Stored data:
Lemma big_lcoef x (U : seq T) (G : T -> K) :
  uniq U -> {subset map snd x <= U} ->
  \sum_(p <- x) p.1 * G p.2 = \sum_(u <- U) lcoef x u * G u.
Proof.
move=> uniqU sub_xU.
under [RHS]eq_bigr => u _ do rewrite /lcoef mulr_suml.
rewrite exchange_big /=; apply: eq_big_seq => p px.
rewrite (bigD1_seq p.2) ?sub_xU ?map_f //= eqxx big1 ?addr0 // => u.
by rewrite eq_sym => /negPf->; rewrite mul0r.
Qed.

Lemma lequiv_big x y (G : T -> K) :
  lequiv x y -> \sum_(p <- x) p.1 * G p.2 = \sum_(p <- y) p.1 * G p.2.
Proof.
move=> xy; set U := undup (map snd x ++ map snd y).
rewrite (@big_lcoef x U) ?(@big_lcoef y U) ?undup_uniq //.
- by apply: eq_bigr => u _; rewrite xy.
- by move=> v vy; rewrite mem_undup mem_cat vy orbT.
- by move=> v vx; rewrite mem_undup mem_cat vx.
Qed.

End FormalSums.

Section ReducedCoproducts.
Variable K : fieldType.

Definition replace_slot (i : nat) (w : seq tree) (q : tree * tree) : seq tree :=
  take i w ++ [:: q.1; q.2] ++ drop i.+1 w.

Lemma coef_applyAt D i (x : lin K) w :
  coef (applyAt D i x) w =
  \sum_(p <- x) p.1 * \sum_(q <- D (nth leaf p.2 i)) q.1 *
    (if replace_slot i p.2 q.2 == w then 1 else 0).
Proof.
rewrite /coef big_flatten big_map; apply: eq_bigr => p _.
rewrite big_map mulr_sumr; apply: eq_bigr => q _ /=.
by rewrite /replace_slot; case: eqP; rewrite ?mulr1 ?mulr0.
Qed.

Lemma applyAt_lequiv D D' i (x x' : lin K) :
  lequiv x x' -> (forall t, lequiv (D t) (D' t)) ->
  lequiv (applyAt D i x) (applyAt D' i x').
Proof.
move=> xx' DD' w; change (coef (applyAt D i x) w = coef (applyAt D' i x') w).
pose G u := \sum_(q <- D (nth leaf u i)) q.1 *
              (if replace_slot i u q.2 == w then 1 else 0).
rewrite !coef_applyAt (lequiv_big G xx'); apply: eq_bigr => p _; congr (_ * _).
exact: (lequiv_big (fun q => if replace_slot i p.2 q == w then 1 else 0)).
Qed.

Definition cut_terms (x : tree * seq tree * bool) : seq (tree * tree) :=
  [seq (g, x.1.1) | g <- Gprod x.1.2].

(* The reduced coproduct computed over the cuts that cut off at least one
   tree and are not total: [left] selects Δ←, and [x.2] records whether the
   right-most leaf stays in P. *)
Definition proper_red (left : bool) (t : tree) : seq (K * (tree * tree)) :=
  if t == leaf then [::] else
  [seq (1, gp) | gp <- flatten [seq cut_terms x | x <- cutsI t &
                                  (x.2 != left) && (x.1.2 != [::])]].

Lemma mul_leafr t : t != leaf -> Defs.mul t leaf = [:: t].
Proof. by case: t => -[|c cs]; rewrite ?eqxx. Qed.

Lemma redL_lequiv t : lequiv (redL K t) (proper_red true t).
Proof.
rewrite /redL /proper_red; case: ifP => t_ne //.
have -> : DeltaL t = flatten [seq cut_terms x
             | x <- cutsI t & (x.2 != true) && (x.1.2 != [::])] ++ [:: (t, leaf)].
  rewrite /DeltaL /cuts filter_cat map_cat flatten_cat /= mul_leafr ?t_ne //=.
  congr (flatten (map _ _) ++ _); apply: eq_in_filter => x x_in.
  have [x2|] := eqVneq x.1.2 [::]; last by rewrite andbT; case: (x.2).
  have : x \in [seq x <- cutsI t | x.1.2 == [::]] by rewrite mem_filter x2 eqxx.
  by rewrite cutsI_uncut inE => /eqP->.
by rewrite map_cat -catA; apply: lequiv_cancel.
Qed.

*PROBLEM STATEMENT*
Using the entries above, return exactly the lines from the line with "Definition cut_terms (x" to the line with "[seq (1, gp)", counting both of those lines.

*EXERCISE OUTPUT*
Definition cut_terms (x : tree * seq tree * bool) : seq (tree * tree) :=
  [seq (g, x.1.1) | g <- Gprod x.1.2].

(* The reduced coproduct computed over the cuts that cut off at least one
   tree and are not total: [left] selects Δ←, and [x.2] records whether the
   right-most leaf stays in P. *)
Definition proper_red (left : bool) (t : tree) : seq (K * (tree * tree)) :=
  if t == leaf then [::] else
  [seq (1, gp) | gp <- flatten [seq cut_terms x | x <- cutsI t &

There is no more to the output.